• **WORK REQUIRED**:
Filter the records for "Hrep" and keep each line that has it.

Top of GIVEN RECORDS

Lemma Lshape_lattice_signs x y p r x' y' al be :
  0 <= y < x -> 0 <= p < r -> in_Lshape x y p r x' y' ->
  0 <= x' + al * x + be * y -> 0 <= y' - al * p - be * r -> 0 <= al /\ be <= 0.
Proof.
  intros Hxy Hpr HL HX HY.
  assert (Hbe : be <= 0).
  { destruct (Z_le_gt_dec be 0) as [| Hbe]; [assumption | exfalso].
    destruct (Z_le_gt_dec 0 al) as [Hal | Hal]; [unfold in_Lshape in HL; nia|].
    assert (Hge : al + be >= 0) by (unfold in_Lshape in HL; nia).
    assert (Hlower : y' >= r - p) by nia.
    assert (Hupper : al + be <= 0) by (unfold in_Lshape in HL; nia).
    unfold in_Lshape in HL; nia. }
  split; [| exact Hbe].
  destruct (Z_le_gt_dec 0 al); [assumption | unfold in_Lshape in HL; nia].
Qed.

Lemma divide_lin_form a d c s0 x p :
  (a | d * s0 - c) -> (a | x - s0 * p) -> (a | d * x - c * p).
Proof.
  intros Hs Hx.
  replace (d * x - c * p) with (d * (x - s0 * p) + p * (d * s0 - c)) by ring.
  apply Z.divide_add_r; apply Z.divide_mul_r; assumption.
Qed.

(* Rodseth: phi maps L into the Apery set of S with respect to a.  If
   phi(x', y') - a = N a + X d + Y c, then (X - x', Y - y') is in the lattice of
   lattice_basis; its coordinates have the signs of Lshape_lattice_signs, and with
   R_v > 0 >= R_{v+1} this forces k * ceil(x'/k) - k >= x'. *)
Lemma phi_sub_a_notin_S a d k c s0 x y p r x' y' :
  0 < a -> 0 < k -> Z.gcd a d = 1 -> (a | d * s0 - c) -> euclid_inv a s0 x y p r ->
  ((a + k * d) * y - k * c * r) / a <= 0 < ((a + k * d) * x - k * c * p) / a ->
  in_Lshape x y p r x' y' -> ~ inS a d k c (phi a d k c x' y' - a).
Proof.
  intros Ha Hk Hgcd Hds Hinv [HR1 HR0] HL HS.
  pose proof Hinv as (Hx & Hy & Hdet & Hxy & Hpr).
  destruct (divide_lin_form a d c s0 x p Hds Hx) as [m0 Hm0].
  destruct (divide_lin_form a d c s0 y r Hds Hy) as [m1 Hm1].
  replace ((a + k * d) * x - k * c * p) with ((x + k * m0) * a) in HR0 by nia.
  replace ((a + k * d) * y - k * c * r) with ((y + k * m1) * a) in HR1 by nia.
  rewrite Z.div_mul in HR0, HR1 by lia.
  destruct (inS_repr a d k c _ ltac:(lia) HS) as (N & X & Y & HN & HX & HY & Hrep).
  unfold phi in Hrep; set (C := ceil_div x' k) in Hrep.
  pose proof (ceil_div_spec x' k Hk) as HC; fold C in HC.
  assert (Huv : (X - x') * d + (Y - y') * c = (C - N - 1) * a) by lia.
  assert (Hlat : (a | X - x' + (Y - y') * s0)).
  { apply (Z.gauss _ d); [| exact Hgcd].
    replace (d * (X - x' + (Y - y') * s0))
      with ((X - x') * d + (Y - y') * c + (Y - y') * (d * s0 - c)) by ring.
    rewrite Huv; apply Z.divide_add_r; [apply Z.divide_factor_r | now apply Z.divide_mul_r]. }
  destruct (lattice_basis a s0 x y p r _ _ Ha Hx Hy Hdet Hlat) as (al & be & Hu & Hv).
  destruct (Lshape_lattice_signs x y p r x' y' al be Hxy Hpr HL) as [Hal Hbe]; [lia | lia |].
  assert (Hcoord : C - N - 1 = al * m0 + be * m1).
  { apply (Z.mul_reg_r _ _ a); [lia|]; rewrite <- Huv, Hu, Hv; nia. }
  assert (0 <= al * (x + k * m0)) by nia.
  assert (0 <= be * (y + k * m1)) by nia.
  nia.
Qed.

Lemma phi_inL_sub_a_notin_S a d k c s0 t x y :
  0 < a -> 0 < k -> Z.gcd a d = 1 -> 0 <= s0 < a -> (a | d * s0 - c) ->
  is_v a d k c s0 t -> inL a s0 t x y -> ~ inS a d k c (phi a d k c x y - a).
Proof.
  intros Ha Hk Hgcd Hs0 Hds [Hsig HR] HL.
  exact (phi_sub_a_notin_S a d k c s0 _ _ _ _ x y Ha Hk Hgcd Hds
           (euclid_inv_sig a s0 t Hs0 Hsig) HR HL).
Qed.

Lemma inL_nonneg a d k c s0 t x y : 0 <= s0 < a -> is_v a d k c s0 t ->
  inL a s0 t x y -> 0 <= x /\ 0 <= y.
Proof.
  intros Hs0 [Hsig _] HL.
  destruct (euclid_inv_sig a s0 t Hs0 Hsig) as (_ & _ & _ & _ & Hpr).
  unfold inL in HL; lia.
Qed.

Lemma pseudo_symmetric_max_residue a d k c s0 t g x0 y0 :
  0 < a -> 0 < d -> 0 < k -> 0 < c -> Z.gcd a d = 1 ->
  0 <= s0 < a -> (a | d * s0 - c) -> is_v a d k c s0 t ->
  is_frobenius a d k c g -> pseudo_symmetric a d k c ->
  inL a s0 t x0 y0 -> phi a d k c x0 y0 = g + a -> (x0, y0) <> (2, 0) ->
  x0 = 0 \/ x0 mod k = 1 mod k.
Proof.
  intros Ha Hd Hk Hc Hgcd Hs0 Hds Hv Hfr Hps HL Hphi H20.
  destruct (Z.eq_dec x0 0) as [| Hx0]; [now left|].
  destruct (Z.eq_dec (x0 mod k) (1 mod k)) as [| Hx1]; [now right | exfalso].
  destruct Hps as (g' & Hfr' & [m Hm] & Hsym).
  rewrite (frobenius_unique a d k c g' g Hfr' Hfr) in Hm, Hsym.
  destruct (inL_nonneg a d k c s0 t x0 y0 Hs0 Hv HL) as [_ Hy0].
  assert (Hpos : 1 <= x0) by (unfold inL in HL; lia).
  assert (HC : 1 <= ceil_div x0 k) by (pose proof (ceil_div_spec x0 k ltac:(lia)); nia).
  assert (Hshift : phi a d k c x0 y0 = phi a d k c (x0 - 1) y0 + d)
    by (unfold phi; rewrite ceil_div_pred by lia; ring).
  destruct (Z.eq_dec d (g / 2)) as [Hhalf | Hhalf].
  - rewrite Hm, Z.mul_comm, Z.div_mul in Hhalf by lia; subst m.
    assert (x0 <> 1) by (intros ->; apply Hx1; reflexivity).
    unfold phi in Hphi.
    assert (0 <= (ceil_div x0 k - 1) * a /\ 0 <= (x0 - 2) * d /\ 0 <= y0 * c) by nia.
    apply H20; f_equal; nia.
  - apply Hsym in Hhalf as [HdS | (s & HsS & Hs)].
    + apply (proj1 Hfr).
      replace g with ((ceil_div x0 k - 1) * a + y0 * c + x0 * d) by (unfold phi in Hphi; lia).
      apply inS_add; [apply inS_a_c | apply inS_mul]; lia || assumption.
    + apply (phi_inL_sub_a_notin_S a d k c s0 t (x0 - 1) y0); try lia; try assumption.
      * unfold inL in *; lia.
      * replace (phi a d k c (x0 - 1) y0 - a) with s by lia; exact HsS.
Qed.

Theorem lemma6 (a d k c s0 : Z) (t : nat) (g x0 y0 : Z) :
  0 < a -> 0 < d -> 2 <= k -> 0 < c ->
  gens_coprime a d k c -> Z.gcd a d = 1 ->
  0 <= s0 < a -> (a | d * s0 - c) ->
  is_v a d k c s0 t ->
  is_frobenius a d k c g ->
  pseudo_symmetric a d k c ->
  inL a s0 t x0 y0 ->
  phi a d k c x0 y0 = g + a ->
  (x0, y0) <> (2, 0) ->
  (x0 = 0 \/ x0 mod k = 1 mod k) /\
  (forall x y : Z, 0 <= x <= x0 -> 0 <= y <= y0 ->
     phi a d k c x0 y0 = phi a d k c (x0 - x) (y0 - y) + phi a d k c x y).
Proof.
  intros Ha Hd Hk Hc _ Hgcd Hs0 Hds Hv Hfr Hps HL Hphi H20.
  assert (Hx0 : x0 = 0 \/ x0 mod k = 1 mod k)
    by exact (pseudo_symmetric_max_residue a d k c s0 t g x0 y0
                Ha Hd ltac:(lia) Hc Hgcd Hs0 Hds Hv Hfr Hps HL Hphi H20).
  split; [exact Hx0|].
  intros x y Hx _; unfold phi.
  rewrite (ceil_div_add x0 x k) by lia || assumption; ring.
Qed.
Lemma lim_scaled_by_sqrt (u : R -> R) c :
  filterlim (fun h => h / u h ^ 2) (at_right 0) (locally c) -> 0 < c ->
  at_right 0 (fun h => 0 < u h) ->
  filterlim (fun h => u h / sqrt h) (at_right 0) (locally (sqrt (/ c))).
Proof.
  intros Hlim Hc Hu. apply filterlim_ext_loc with (fun h => sqrt (/ (h / u h ^ 2))).
  - apply (filter_imp (fun h => 0 < h /\ 0 < u h)); [|now apply filter_and; [apply at_right_pos|]].
    intros h [Hh Hpos]. assert (Hs : 0 < sqrt h) by now apply sqrt_lt_R0.
    rewrite <- (sqrt_sqrt h) at 1 by lra.
    replace (/ (sqrt h * sqrt h / u h ^ 2)) with ((u h / sqrt h) ^ 2) by (field; lra).
    apply sqrt_pow2, Rlt_le, Rdiv_lt_0_compat; assumption.
  - apply lim_sqrt; [apply lim_inv; [exact Hlim | lra] | apply Rlt_le, Rinv_0_lt_compat, Hc].
Qed.

Lemma lim_derive_div_sqrt (phi : R -> R) p l (u : R -> R) w :
  is_derive phi p l -> phi p = 0 ->
  filterlim u (at_right 0) (locally p) -> at_right 0 (fun h => u h <> p) ->
  filterlim (fun h => (u h - p) / sqrt h) (at_right 0) (locally w) ->
  filterlim (fun h => phi (u h) / sqrt h) (at_right 0) (locally (l * w)).
Proof.
  intros Hd H0 Hu Hne Hw.
  apply filterlim_ext_loc with (fun h => (phi (u h) - phi p) / (u h - p) * ((u h - p) / sqrt h)).
  - apply (filter_imp (fun h => 0 < h /\ u h <> p)); [| now apply filter_and; [apply at_right_pos |]].
    intros h [Hh Hn]. assert (0 < sqrt h) by now apply sqrt_lt_R0.
    rewrite H0; field; lra.
  - apply lim_mult; [now apply lim_difference_quotient | exact Hw].
Qed.

Lemma in_I_ball a b p : in_I a b p ->
  exists r, 0 < r /\ forall s, Rabs (s - p) < r -> in_I a b s.
Proof.
  intros Hp. destruct (open_and _ _ (open_Rbar_gt a) (open_Rbar_lt b) p Hp) as [r Hr].
  exists r; split; [apply cond_pos | intros s Hs; exact (Hr s Hs)].
Qed.

Lemma IVT_open (f : R -> R) u v c : u < v ->
  (forall z, u <= z <= v -> continuity_pt f z) ->
  f u < c < f v \/ f v < c < f u -> exists z, u < z < v /\ f z = c.
Proof.
  intros Huv Hf [Hc | Hc].
  - destruct (Ranalysis5.IVT_interv (fun z => f z - c) u v) as [z [Hz Ez]]; simpl; try lra.
    + intros z Hz; apply continuity_pt_minus; [now apply Hf | apply continuity_pt_const; now intros ? ?].
    + exists z. assert (z <> u) by (intros ->; lra). assert (z <> v) by (intros ->; lra). lra.
  - destruct (Ranalysis5.IVT_interv (fun z => c - f z) u v) as [z [Hz Ez]]; simpl; try lra.
    + intros z Hz; apply continuity_pt_minus; [apply continuity_pt_const; now intros ? ? | now apply Hf].
    + exists z. assert (z <> u) by (intros ->; lra). assert (z <> v) by (intros ->; lra). lra.
Qed.

Lemma derive_linear_bound (phi : R -> R) p k e : is_derive phi p k -> 0 < e ->
  exists d, 0 < d /\ forall s, Rabs (s - p) < d ->
    Rabs (phi s - phi p - k * (s - p)) <= e * Rabs (s - p).
Proof.
  intros Hd He. destruct (proj1 (is_derive_Reals _ _ _) Hd e He) as [d Hdel].
  exists d; split; [apply cond_pos | intros s Hs].
  destruct (Req_dec s p) as [-> | Hne].
  - rewrite !Rminus_diag, Rmult_0_r, Rminus_0_r, Rabs_R0; lra.
  - specialize (Hdel (s - p) ltac:(lra) Hs). replace (p + (s - p)) with s in Hdel by ring.
    replace (phi s - phi p - k * (s - p)) with (((phi s - phi p) / (s - p) - k) * (s - p))
      by (field; lra).
    rewrite Rabs_mult; apply Rmult_le_compat_r; [apply Rabs_pos | lra].
Qed.

Lemma mvt_quadratic_bound (phi dphi : R -> R) p r k e :
  (forall s, Rabs (s - p) < r -> is_derive phi s (dphi s)) -> phi p = 0 -> 0 <= e ->
  (forall s, Rabs (s - p) < r -> Rabs (dphi s - k * (s - p)) <= e * Rabs (s - p)) ->
  forall s, Rabs (s - p) < r -> Rabs (phi s - k * (s - p) ^ 2 / 2) <= e * (s - p) ^ 2.
Proof.
  intros Hder H0 He Hb s Hs.
  set (psi t := phi t - k * (t - p) ^ 2 / 2).
  set (dpsi t := dphi t - k * (t - p)).
  assert (Hin : forall c, Rmin p s <= c <= Rmax p s -> Rabs (c - p) <= Rabs (s - p)).
  { intros c; unfold Rmin, Rmax; destruct (Rle_dec p s); intros Hc;
      [rewrite !Rabs_pos_eq | rewrite !Rabs_left1]; lra. }
  assert (HD : forall c, Rabs (c - p) < r -> is_derive psi c (dpsi c)).
  { intros c Hc. apply (is_derive_minus phi (fun t => k * (t - p) ^ 2 / 2)); [now apply Hder |].
    auto_derive; [auto | field]. }
  destruct (MVT_gen psi p s dpsi) as [c [Hc Heq]].
  - intros c Hc; apply HD. specialize (Hin c ltac:(lra)). lra.
  - intros c Hc; apply continuity_pt_filterlim.
    apply (ex_derive_continuous psi); exists (dpsi c); apply HD. specialize (Hin c Hc); lra.
  - change (Rabs (psi s) <= e * (s - p) ^ 2).
    replace (psi s) with (dpsi c * (s - p)) by (rewrite <- Heq; unfold psi; rewrite H0; field).
    specialize (Hin c Hc).
    assert (Hdc : Rabs (dpsi c) <= e * Rabs (s - p)) by (apply Rle_trans with (e * Rabs (c - p));
      [apply Hb; lra | apply Rmult_le_compat_l; auto]).
    rewrite Rabs_mult, <- (Rabs_pos_eq ((s - p) ^ 2)) by apply pow2_ge_0.
    rewrite <- RPow_abs. pose proof (Rabs_pos (s - p)). nra.
Qed.

Lemma quadratic_approx (phi dphi : R -> R) p r0 k e :
  0 < r0 -> (forall s, Rabs (s - p) < r0 -> is_derive phi s (dphi s)) ->
  phi p = 0 -> dphi p = 0 -> is_derive dphi p k -> 0 < e ->
  exists r, 0 < r <= r0 /\
    forall s, Rabs (s - p) < r -> Rabs (phi s - k * (s - p) ^ 2 / 2) <= e * (s - p) ^ 2.
Proof.
  intros Hr0 Hder H0 Hd0 Hdd He.
  destruct (derive_linear_bound dphi p k e Hdd He) as [d [Hd Hlin]].
  exists (Rmin r0 d); split; [split; [now apply Rmin_pos | apply Rmin_l] |].
  pose proof (Rmin_l r0 d); pose proof (Rmin_r r0 d).
  apply (mvt_quadratic_bound phi dphi); [intros s Hs; apply Hder; lra | exact H0 | lra |].
  intros s Hs. rewrite <- (Rminus_0_r (dphi s)) at 1. rewrite <- Hd0. apply Hlin; lra.
Qed.

Lemma is_derive_dot_Xpt (x y : R -> R) P0 V s : ex_derive x s -> ex_derive y s ->
  is_derive (fun t => dot (psub (Xpt x y t) P0) V) s (dot (Xd x y s) V).
Proof. intros Hx Hy; unfold dot, psub, Xpt, Xd; simpl; auto_derive; [tauto | rewrite !Rmult_1_l; reflexivity]. Qed.

Lemma is_derive_dot_Xd (x y : R -> R) V s :
  ex_derive (Derive x) s -> ex_derive (Derive y) s ->
  is_derive (fun t => dot (Xd x y t) V) s (dot (Xdd x y s) V).
Proof. intros Hx Hy; unfold dot, Xd, Xdd; simpl; auto_derive; [tauto | rewrite !Rmult_1_l; reflexivity]. Qed.

Definition unit_vec (u : pt) : Prop := fst u ^ 2 + snd u ^ 2 = 1.
Definition normal_to (T N : pt) : Prop := N = (- snd T, fst T) \/ N = (snd T, - fst T).

Definition frame_vec (T N v : pt) : pt := (dot v T, dot v N).
Definition frame_pt (O T N Z : pt) : pt := frame_vec T N (psub Z O).

Section Frame.
Variables (T N : pt).
Hypothesis T_unit : unit_vec T.
Hypothesis N_normal : normal_to T N.

Lemma dot_TT : dot T T = 1.
Proof. rewrite <- T_unit; unfold dot; ring. Qed.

Bottom of GIVEN RECORDS

• **EXERCISE SOLUTION**:
  destruct (inS_repr a d k c _ ltac:(lia) HS) as (N & X & Y & HN & HX & HY & Hrep).
  unfold phi in Hrep; set (C := ceil_div x' k) in Hrep.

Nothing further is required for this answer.